Entiendo tu problema DjStorm y lo que necesitas hacer es reprogramar esa eeprom pero para eso necesitas dos cosas: un programador de memorias y los datos o el "programa" que necesitas programar a dicha memoria. 
Obtener o construir (lo cual te sale mas barato y probablemente menos latoso si es que sabes hacer tus propios circuitos impresos) el programador de memorias seria la parte facil ya que hay muchos disenos y circuitos en internet que tu mismo puedes constuir, o tambien puedes comprarlo como kit en una tienda local o por internet.
La parte dificil seria conseguir los datos que le tienes que programar a tu memoria ya que a pesar de que proporcionaste el modelo de tu television una television comun puede llegar ha tener 2 o mas memorias lo que hace todavia dificil encontrar el programa apropiado, otro problema muy grande tambien seria que no todas las companias .........
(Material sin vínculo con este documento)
Definition indecomposable (N : (V -> k) -> Prop) : Prop :=
  [/\ graded_sub N, ~ zero_mod N &
      forall A B, graded_sub A -> graded_sub B -> dsum2 A B N -> zero_mod A \/ zero_mod B].

Definition cyclic (g : V -> k) : (V -> k) -> Prop :=
  fun f => exists r, Relt r /\ forall w, f w = act r g w.

(* R -> R g, r |-> r g, is injective, i.e. R g is free with basis g *)
Definition free_cyclic (g : V -> k) : Prop :=
  forall r, Relt r -> (forall w, act r g w = 0) -> Rzero r.

(* N is isomorphic, as a graded R-module, to a shift R(-d) of R
   (the isomorphism R(-d) -> N sends 1 to a homogeneous g of degree d) *)
Definition free_rank1 (N : (V -> k) -> Prop) : Prop :=
  exists (d : V) (g : V -> k), [/\ forall w, g w != 0 -> w = d,
     (forall f, N f <-> cyclic g f) & free_cyclic g].

Definition free_summand_mono (v : V) : Prop :=
  [/\ H v, free_cyclic (mono v) &
      exists C, graded_sub C /\ dsum2 (cyclic (mono v)) C kH].

Definition decomposition (m : nat) (Ns : 'I_m -> (V -> k) -> Prop) : Prop :=
  (forall i, indecomposable (Ns i)) /\ dsum Ns kH.

Definition nfree (m : nat) (Ns : 'I_m -> (V -> k) -> Prop) : nat :=
  #|[set i : 'I_m | `[< free_rank1 (Ns i) >]]|.

End Modules.

From HB Require Import structures.
From mathcomp Require Import all_boot all_order all_algebra.
From mathcomp Require Import boolp.
Import GRing.Theory Num.Theory.
Local Open Scope ring_scope.
Set Implicit Arguments. Unset Strict Implicit.

(* A graded submodule of k[H] is spanned by the monomials it contains, so graded
   submodules are S-stable sets of degrees and graded direct sums are partitions of
   such sets.  Hence every graded indecomposable summand lives in a single coset
   v + L, and it is free of rank one exactly when its degrees form a translate v + S.
   The translate v + S splits off k[H] iff H meets v + L only inside v + S, i.e. iff
   v + l lies outside H for all l in L \ S.  When S is pointed the degree of a free
   generator is unique, which matches the free summands of any decomposition with
   these degrees. *)

Lemma toQD n (a b : 'rV[int]_n) : toQ (a + b) = toQ a + toQ b.
Proof. by apply/matrixP => i j; rewrite !mxE intrD. Qed.

Lemma toQN n (a : 'rV[int]_n) : toQ (- a) = - toQ a.
Proof. by apply/matrixP => i j; rewrite !mxE intrN. Qed.

Lemma toQ0 n : toQ (0 : 'rV[int]_n) = 0.
Proof. by apply/matrixP => i j; rewrite !mxE. Qed.

Lemma toQB n (a b : 'rV[int]_n) : toQ (a - b) = toQ a - toQ b.
Proof. by rewrite toQD toQN. Qed.

Lemma toQ_inj n : injective (@toQ n).
Proof.
move=> a b /matrixP E; apply/matrixP => i j; move: (E i j); rewrite !mxE.
exact: intr_inj.
Qed.

Section Lattice.
Variables (n : nat) (S : 'rV[int]_n -> Prop).
Implicit Types (l s : 'rV[int]_n) (v w : V n).

Lemma gen_group0 : gen_group S 0.
Proof. by move=> G. Qed.

Lemma gen_groupB l1 l2 : gen_group S l1 -> gen_group S l2 -> gen_group S (l1 - l2).
Proof. by move=> h1 h2 G G0 GB GS; apply: (GB); [exact: (h1 G) | exact: (h2 G)]. Qed.

Lemma gen_groupN l : gen_group S l -> gen_group S (- l).
Proof. by move=> hl; rewrite -sub0r; apply: gen_groupB => //; apply: gen_group0. Qed.

Lemma gen_groupD l1 l2 : gen_group S l1 -> gen_group S l2 -> gen_group S (l1 + l2).
Proof. by move=> h1 h2; rewrite -[l2]opprK; apply: gen_groupB => //; apply: gen_groupN. Qed.

Lemma gen_group_mem s : S s -> gen_group S s.
Proof. by move=> hs G _ _ GS; apply: GS. Qed.

Definition same_coset v w := exists l, gen_group S l /\ w = v + toQ l.

Definition shifted v w := exists s, S s /\ w = v + toQ s.

Lemma same_coset_refl v : same_coset v v.
Proof. by exists 0; split; [apply: gen_group0 | rewrite toQ0 addr0]. Qed.

Lemma same_coset_sym v w : same_coset v w -> same_coset w v.
Proof. by case=> l [hl ->]; exists (- l); split; [apply: gen_groupN | rewrite toQN addrK]. Qed.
Despues te termino de contestar este post ya que ahorita me tengo que ir. Te lo deje a medias para no tener que volver a escribir todo


----------



## tiopepe123 (Mar 7, 2008)

Aunque depende del modelo, si pones una memoria vacia se recargara automaticamente en modo defecto y la tele deberia funcionar relativamente bien.

Aunque por la averia que comentas no creo que sea de la eeprom, aunque no sea descartable, antes debes asegurarte es sea esto.

En todo caso puedes añadirle un zocalo y probar con una eprom nueva vacia y ver que pasa, eso si guardando la vieja.


----------



## Eduardo (Mar 7, 2008)

Bien hecho! eso pasa por andar jugando en Modo Servicio.  
Probaste desbloquearlo?


----------



## Daniel.more (Mar 7, 2008)

mide el pin numero 7 con respecto a mas fria si da continuidad el micro se encargara de autoprogramar la eepron si nesecidad de que lo hagas tu y si no da continuidad, dilo que te digo como fabricar un programador facil y economico funciona bien es el que uso yo....(a por cierto mide SIN tensión en el equipo....jejeje)


----------



## Daniel.more (Mar 7, 2008)

despues de leer el mensaje he visto que no esta muy claro mide el pin 7 de la eepron a masa del tv...disculpa


----------



## DjStorm (Mar 17, 2008)

Hey Gracias x la ayuda ,,!  e hecho todo pero no diò resultado, lo que si  arme fue el cirtcuito programador junto con el software PonyProg, resulta que no se cuales son los datos a ingresar en el programa, QUè Hago,porfa ayudenme y disculpen mi ingorancia....


----------